Exercise brief: Report how many lines below include "genmxE", giving the figure alone.

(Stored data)
**********

(* $\chi_D(LG_3)\le 5$.
   Context: Let $V=\mathbb{F}_3^3$; $LG_3$ is the bipartite graph whose vertices are the $1$-dimensional subspaces (''points'') and the $2$-dimensional subspaces (''lines'') of $V$, a point being adjacent to a line iff it is contained in it. A coloring is distinguishing if the only graph automorphism mapping every color class onto itself is the identity; $\chi_D(G)$ is the minimum number of colors of a proper distinguishing coloring of $G$. *)

From HB Require Import structures.
From mathcomp Require Import all_boot all_order all_algebra all_fingroup.
Set Implicit Arguments. Unset Strict Implicit. Unset Printing Implicit Defensive.
Import GRing.Theory.

(* V = F_3^3, vectors are row vectors 'rV['F_3]_3.  A subspace of V is
   represented canonically by the square matrix <<A>>%MS (mxalgebra's
   canonical representative of a row space): two 3x3 matrices in canonical
   form are equal iff their row spaces are equal. *)
Definition F3 := 'F_3.

Definition is_subspace_rep (A : 'M[F3]_3) : bool := (<<A>>%MS == A).

Definition is_point (A : 'M[F3]_3) : bool := is_subspace_rep A && (\rank A == 1)%N.
Definition is_line  (A : 'M[F3]_3) : bool := is_subspace_rep A && (\rank A == 2)%N.

Definition is_vertex (A : 'M[F3]_3) : bool := is_point A || is_line A.

Definition LG3_vertex : predArgType := {A : 'M[F3]_3 | is_vertex A}.
HB.instance Definition _ := [isSub for (@sval _ is_vertex : LG3_vertex -> 'M[F3]_3)].
HB.instance Definition _ := [Finite of LG3_vertex by <:].

Definition LG3_adj (x y : LG3_vertex) : bool :=
  (is_point (val x) && is_line (val y) && (val x <= val y)%MS) ||
  (is_point (val y) && is_line (val x) && (val y <= val x)%MS).

Definition LG3_aut (f : {perm LG3_vertex}) : Prop :=
  forall x y, LG3_adj (f x) (f y) = LG3_adj x y.

Definition proper_coloring (k : nat) (c : LG3_vertex -> 'I_k) : Prop :=
  forall x y, LG3_adj x y -> c x != c y.

Definition distinguishing (k : nat) (c : LG3_vertex -> 'I_k) : Prop :=
  forall f : {perm LG3_vertex}, LG3_aut f -> (forall x, c (f x) = c x) -> f = 1%g.

Definition chiD_le (k : nat) : Prop :=
  exists c : LG3_vertex -> 'I_k, proper_coloring c /\ distinguishing c.

From mathcomp Require Import all_boot all_order all_algebra all_fingroup.
Import GRing.Theory.
Set Implicit Arguments. Unset Strict Implicit. Unset Printing Implicit Defensive.

(* LG_3 is the point-line incidence graph of PG(2,3).  Normalising the 26
   nonzero vectors of F_3^3 up to sign gives 13 representatives; the points
   are their spans and the lines their orthogonal complements, so a point lies
   on a line iff the two representatives are orthogonal mod 3.  On this
   26-vertex model a 5-colouring is checked by computation to be proper and to
   admit an ordering of the vertices in which each vertex is the only one of
   its colour with its adjacencies to the earlier ones.  A colour-preserving
   automorphism must then fix the vertices one after the other. *)

Section ResolvingSequence.

Variables (T C : eqType) (vs : seq T) (e : rel T) (c : T -> C).
Hypothesis vs_total : forall x, x \in vs.

Fixpoint resolving (known s : seq T) : bool :=
  if s is x :: s' then
    all (fun z => (c z == c x) && all (fun u => e u z == e u x) known ==> (z == x)) vs
    && resolving (x :: known) s'
  else true.

Variable f : T -> T.
Hypotheses (f_adj : forall x y, e (f x) (f y) = e x y)
           (f_color : forall x, c (f x) = c x).

Lemma resolving_fixed known s :
  {in known, forall x, f x = x} -> resolving known s -> {in s, forall x, f x = x}.
Proof.
elim: s known => //= x s IH known fix_known /andP[/allP x_resolved s_resolving].
have fx : f x = x.
  apply/eqP/(implyP (x_resolved _ (vs_total (f x)))).
  rewrite f_color eqxx; apply/allP => u /fix_known fu.
  by rewrite -{1}fu f_adj.
have fix_known' : {in x :: known, forall u, f u = u}.
  by move=> u /predU1P[-> // | ]; apply: fix_known.
by move=> y /predU1P[-> // | ]; apply: IH fix_known' s_resolving y.
Qed.

Lemma resolving_id s : resolving [::] s -> all (mem s) vs -> f =1 id.
Proof.
move=> s_resolving /allP s_total x.
exact: (resolving_fixed (known := [::])) s_resolving x (s_total x (vs_total x)).
Qed.

End ResolvingSequence.

Local Open Scope ring_scope.

Section SubspaceGenerators.

Variables (F : fieldType) (n : nat).

Lemma genmx_rank1 m (A : 'M[F]_(m, n)) (v : 'rV_n) :
  \rank A = 1%N -> v != 0 -> (v <= A)%MS -> <<A>>%MS = <<v>>%MS.
Proof.
move=> rankA v_neq0 vA; apply/esym/genmxP.
by rewrite -(mxrank_leqif_eq vA).2 rank_rV v_neq0 rankA.
Qed.

Lemma genmx_corank1 (A : 'M[F]_n) (w : 'rV_n) :
  (\rank A).+1 = n -> w != 0 -> (w <= kermx A^T)%MS ->
  <<A>>%MS = <<kermx w^T>>%MS.
Proof.
move=> rankA w_neq0 wA.
have Aw : (A <= kermx w^T)%MS.
  by rewrite sub_kermx -trmx_eq0 trmx_mul trmxK -sub_kermx.
apply/genmxP; rewrite -(mxrank_leqif_eq Aw).2.
by rewrite mxrank_ker mxrank_tr rank_rV w_neq0 subn1 -[n in n.-1]rankA.
Qed.

Lemma sub_genmx_kermx_tr (v w : 'rV[F]_n) :
  (<<v>> <= <<kermx w^T>>)%MS = (v *m w^T == 0).
Proof. by rewrite !genmxE sub_kermx. Qed.

End SubspaceGenerators.

Lemma mx11_eq0 (R : nzRingType) (A : 'M[R]_1) : (A == 0) = (A 0 0 == 0).
Proof.
apply/eqP/eqP => [-> | A00]; first by rewrite mxE.
by apply/matrixP => i j; rewrite !ord1 A00 mxE.
Qed.

Lemma natr_F3_eq0 k : ((k%:R : F3) == 0) = (3 %| k)%N.
Proof. by rewrite (dvdn_pcharf (pchar_Fp (isT : prime 3))). Qed.

Definition vec3 (u : nat * nat * nat) : 'rV[F3]_3 :=
  let: (a, b, c) := u in \row_(i < 3) (nth 0%N [:: a; b; c] i)%:R.

Definition dotn (u w : nat * nat * nat) : nat :=
  let: (a, b, c) := u in let: (a', b', c') := w in (a * a' + b * b' + c * c')%N.

Lemma dotnC : commutative dotn.
Proof. by move=> [[a b] c] [[a' b'] c']; rewrite /= mulnC (mulnC b) (mulnC c). Qed.

Lemma vec3_mul_tr_eq0 u w : (vec3 u *m (vec3 w)^T == 0) = (3 %| dotn u w)%N.
Proof.
case: u w => [[a b] c] [[a' b'] c'].
rewrite mx11_eq0 !mxE !big_ord_recr big_ord0 /= !mxE /= add0r.
by rewrite -!natrM -!natrD natr_F3_eq0.
Qed.

Lemma vec3_eq0 a b c : (vec3 (a, b, c) == 0) = [&& 3 %| a, 3 %| b & 3 %| c]%N.
Proof.
apply/eqP/and3P => [vec0 | [a3 b3 c3]].
  have entry0 (i : 'I_3) : ((nth 0%N [:: a; b; c] i)%:R : F3) = 0.
    by have := congr1 (fun v : 'rV_3 => v 0 i) vec0; rewrite !mxE.
  by split; rewrite -natr_F3_eq0; apply/eqP;
    [exact: (entry0 0) | exact: (entry0 1) | exact: (entry0 ord_max)].
by apply/rowP => -[[|[|[|//]]] ?]; rewrite !mxE; apply/eqP; rewrite natr_F3_eq0.
Qed.

Lemma vec3_mod a b c : vec3 (a %% 3, b %% 3, c %% 3)%N = vec3 (a, b, c).
Proof. by apply/rowP => -[[|[|[|//]]] ?]; rewrite !mxE /= Fp_nat_mod. Qed.

Lemma vec3_scale k a b c : vec3 (k * a, k * b, k * c)%N = k%:R *: vec3 (a, b, c).
Proof. by apply/rowP => -[[|[|[|//]]] ?]; rewrite !mxE /= natrM. Qed.

Lemma natr_F3_val (x : F3) : (val x)%:R = x.
Proof. exact: (natr_Zp (p' := 1)). Qed.

Lemma vec3_entries (v : 'rV[F3]_3) :
  v = vec3 (nat_of_ord (v 0 0), nat_of_ord (v 0 1), nat_of_ord (v 0 2)).
Proof.
apply/rowP => i; rewrite mxE.
by case: i => -[|[|[|//]]] ? /=; rewrite natr_F3_val; congr (v _ _); apply: val_inj.
Qed.

Definition normal_reps : seq (nat * nat * nat) :=
  [:: (0, 0, 1); (0, 1, 0); (0, 1, 1); (0, 1, 2); (1, 0, 0); (1, 0, 1); (1, 0, 2);
      (1, 1, 0); (1, 1, 1); (1, 1, 2); (1, 2, 0); (1, 2, 1); (1, 2, 2)]%N.

Definition rep (j : nat) : nat * nat * nat := nth (0, 0, 1)%N normal_reps j.

Lemma normal_reps_cover :
  all (fun a => all (fun b => all (fun c =>
      [&& a == 0, b == 0 & c == 0]%N
      || has (fun j => has (fun k => rep j == (k * a %% 3, k * b %% 3, k * c %% 3))%N
                          (iota 0 3)) (iota 0 13))
    (iota 0 3)) (iota 0 3)) (iota 0 3).
Proof. by vm_compute. Qed.

Lemma normal_reps_neq0 :
  all (fun u => let: (a, b, c) := u in ~~ [&& 3 %| a, 3 %| b & 3 %| c]%N) normal_reps.
Proof. by vm_compute. Qed.

Lemma rep_neq0 (j : 'I_13) : vec3 (rep j) != 0.
Proof.
have : rep j \in normal_reps by apply: mem_nth.
by move/(allP normal_reps_neq0); case: (rep j) => [[a b] c]; rewrite vec3_eq0.
Qed.

Lemma rep_sub_cover (v : 'rV[F3]_3) : v != 0 -> exists j : 'I_13, (vec3 (rep j) <= v)%MS.
Proof.
rewrite [v]vec3_entries.
have := ltn_ord (v 0 0); have := ltn_ord (v 0 1); have := ltn_ord (v 0 2).
move: (nat_of_ord (v 0 0)) (nat_of_ord (v 0 1)) (nat_of_ord (v 0 2)) => a b c c3 b3 a3.
move: normal_reps_cover => /allP/(_ a); rewrite mem_iota => /(_ a3).
move=> /allP/(_ b); rewrite mem_iota => /(_ b3) /allP/(_ c); rewrite mem_iota => /(_ c3).
case/orP => [/and3P[/eqP-> /eqP-> /eqP->] | /hasP[j]]; first by rewrite vec3_eq0.
rewrite mem_iota => j13 /hasP[k _ /eqP rep_j] _.
exists (Ordinal j13); rewrite /= rep_j vec3_mod vec3_scale.
exact: scalemx_sub.
Qed.

(* [(false, j)] is the point spanned by [rep j], [(true, j)] the line orthogonal to it. *)
Definition model_vertex := (bool * 'I_13)%type.

(* Explicit enumerations: quantifiers over a finType do not evaluate under vm_compute. *)
Definition model_vertices : seq model_vertex :=
  [seq (b, inZp j) | b <- [:: false; true], j <- iota 0 13].

Definition model_adj : rel model_vertex :=
  fun x y => (x.1 != y.1) && (3 %| dotn (rep x.2) (rep y.2))%N.

Definition point_colors : seq nat := [:: 4; 3; 4; 3; 4; 4; 1; 3; 4; 2; 3; 4; 0]%N.
Definition line_colors : seq nat := [:: 2; 2; 1; 3; 1; 4; 1; 1; 2; 1; 1; 2; 1]%N.

Definition model_color (x : model_vertex) : 'I_5 :=
  inZp (nth 0%N (if x.1 then line_colors else point_colors) x.2).

Definition model_order : seq model_vertex :=
  [seq (p.1, inZp p.2) | p <- [:: (false, 12); (true, 3); (true, 5); (false, 1);
    (false, 6); (false, 9); (true, 0); (false, 3); (false, 4); (true, 1); (false, 11);
    (true, 2); (true, 4); (false, 0); (false, 2); (false, 5); (false, 8); (true, 6);
    (true, 7); (false, 7); (false, 10); (true, 8); (true, 9); (true, 10); (true, 11);
    (true, 12)]%N].

Lemma model_vertices_total x : x \in model_vertices.
Proof.
case: x => b j; have j13 : nat_of_ord j \in iota 0 13 by rewrite mem_iota ltn_ord.
by apply/allpairsP; exists (b, nat_of_ord j); rewrite valZpK; split => //; case: b.
Qed.

Lemma model_adj_separating :
  all (fun x => all (fun y => (x == y) || has (fun u => model_adj u x != model_adj u y)
    model_vertices) model_vertices) model_vertices.
Proof. by vm_compute. Qed.

Lemma model_color_proper :
  all (fun x => all (fun y => model_adj x y ==> (model_color x != model_color y))
    model_vertices) model_vertices.
Proof. by vm_compute. Qed.

Lemma model_order_resolving :
  resolving model_vertices model_adj model_color [::] model_order.
Proof. by vm_compute. Qed.

Lemma model_order_total : all (mem model_order) model_vertices.
Proof. by vm_compute. Qed.

Definition vertex_mx (x : model_vertex) : 'M[F3]_3 :=
  if x.1 then <<kermx (vec3 (rep x.2))^T>>%MS else <<vec3 (rep x.2)>>%MS.

Lemma genmx_vertex_mx x : <<vertex_mx x>>%MS = vertex_mx x.
Proof. by rewrite /vertex_mx; case: x.1; rewrite genmx_id. Qed.

Lemma rank_vertex_mx x : \rank (vertex_mx x) = (if x.1 then 2 else 1)%N.
Proof.
by rewrite /vertex_mx; case: x.1; rewrite genmxE ?mxrank_ker ?mxrank_tr rank_rV rep_neq0.
Qed.

Lemma is_point_vertex_mx x : is_point (vertex_mx x) = ~~ x.1.
Proof.
by rewrite /is_point /is_subspace_rep genmx_vertex_mx eqxx rank_vertex_mx; case: x.1.
Qed.

Lemma is_line_vertex_mx x : is_line (vertex_mx x) = x.1.
Proof.
by rewrite /is_line /is_subspace_rep genmx_vertex_mx eqxx rank_vertex_mx; case: x.1.
Qed.

Lemma is_vertex_mx x : is_vertex (vertex_mx x).
Proof. by rewrite /is_vertex is_point_vertex_mx is_line_vertex_mx orNb. Qed.

Definition embed (x : model_vertex) : LG3_vertex := Sub (vertex_mx x) (is_vertex_mx x).

Lemma embed_adj x y : LG3_adj (embed x) (embed y) = model_adj x y.
Proof.
rewrite /LG3_adj /model_adj !SubK !is_point_vertex_mx !is_line_vertex_mx /vertex_mx.
case: x y => [[] i] [[] j] //=; rewrite ?orbF sub_genmx_kermx_tr vec3_mul_tr_eq0 //.
by rewrite dotnC.
Qed.

Lemma embed_inj : injective embed.
Proof.
move=> x y exy; apply/eqP.
move/allP/(_ x (model_vertices_total x)): model_adj_separating.
move/allP/(_ y (model_vertices_total y)) => /orP[// | /hasP[u _]].
by rewrite -!embed_adj exy eqxx.
Qed.

Lemma embed_surj y : exists x, embed x == y.
Proof.
case: y => A vA; case/orP: (vA) => /andP[/eqP canA /eqP rankA].
  have v_neq0 : nz_row A != 0 by rewrite nz_row_eq0 -mxrank_eq0 rankA.
  have [j rep_v] := rep_sub_cover v_neq0.
  exists (false, j); apply/eqP/val_inj; rewrite SubK /vertex_mx /= -canA.
  apply/esym/genmx_rank1 => //; first exact: rep_neq0.
  exact: submx_trans rep_v (nz_row_sub A).
have w_neq0 : nz_row (kermx A^T) != 0.
  by rewrite nz_row_eq0 -mxrank_eq0 mxrank_ker mxrank_tr rankA.
have [j rep_w] := rep_sub_cover w_neq0.
exists (true, j); apply/eqP/val_inj; rewrite SubK /vertex_mx /= -canA.
apply/esym/genmx_corank1; first by rewrite rankA.
  exact: rep_neq0.
exact: submx_trans rep_w (nz_row_sub _).
Qed.

Definition unembed (y : LG3_vertex) : model_vertex := xchoose (embed_surj y).

Lemma unembedK : cancel unembed embed.
Proof. by move=> y; apply/eqP/(xchooseP (embed_surj y)). Qed.

Lemma embedK : cancel embed unembed.
Proof. by move=> x; apply: embed_inj; rewrite unembedK. Qed.

Definition LG3_color (y : LG3_vertex) : 'I_5 := model_color (unembed y).

Lemma LG3_color_proper : proper_coloring LG3_color.
Proof.
move=> x y; rewrite -[x]unembedK -[y]unembedK embed_adj /LG3_color !embedK.
apply/implyP; move/allP/(_ _ (model_vertices_total (unembed x))): model_color_proper.
by move/allP; apply; apply: model_vertices_total.
Qed.

Lemma LG3_color_distinguishing : distinguishing LG3_color.
Proof.
move=> f f_aut f_color.
pose g := unembed \o f \o embed.
have g_adj x y : model_adj (g x) (g y) = model_adj x y.
  by rewrite -embed_adj !unembedK f_aut embed_adj.
have g_color x : model_color (g x) = model_color x.
  by have := f_color (embed x); rewrite /LG3_color embedK.
have g_id := resolving_id model_vertices_total g_adj g_color
  model_order_resolving model_order_total.
apply/permP => y; rewrite perm1.
by have := congr1 embed (g_id (unembed y)); rewrite /= !unembedK.
Qed.

Theorem mainTheorem16 : chiD_le 5.
Proof.
exists LG3_color; split; [exact: LG3_color_proper | exact: LG3_color_distinguishing].
Qed.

**********

Result for this task: 2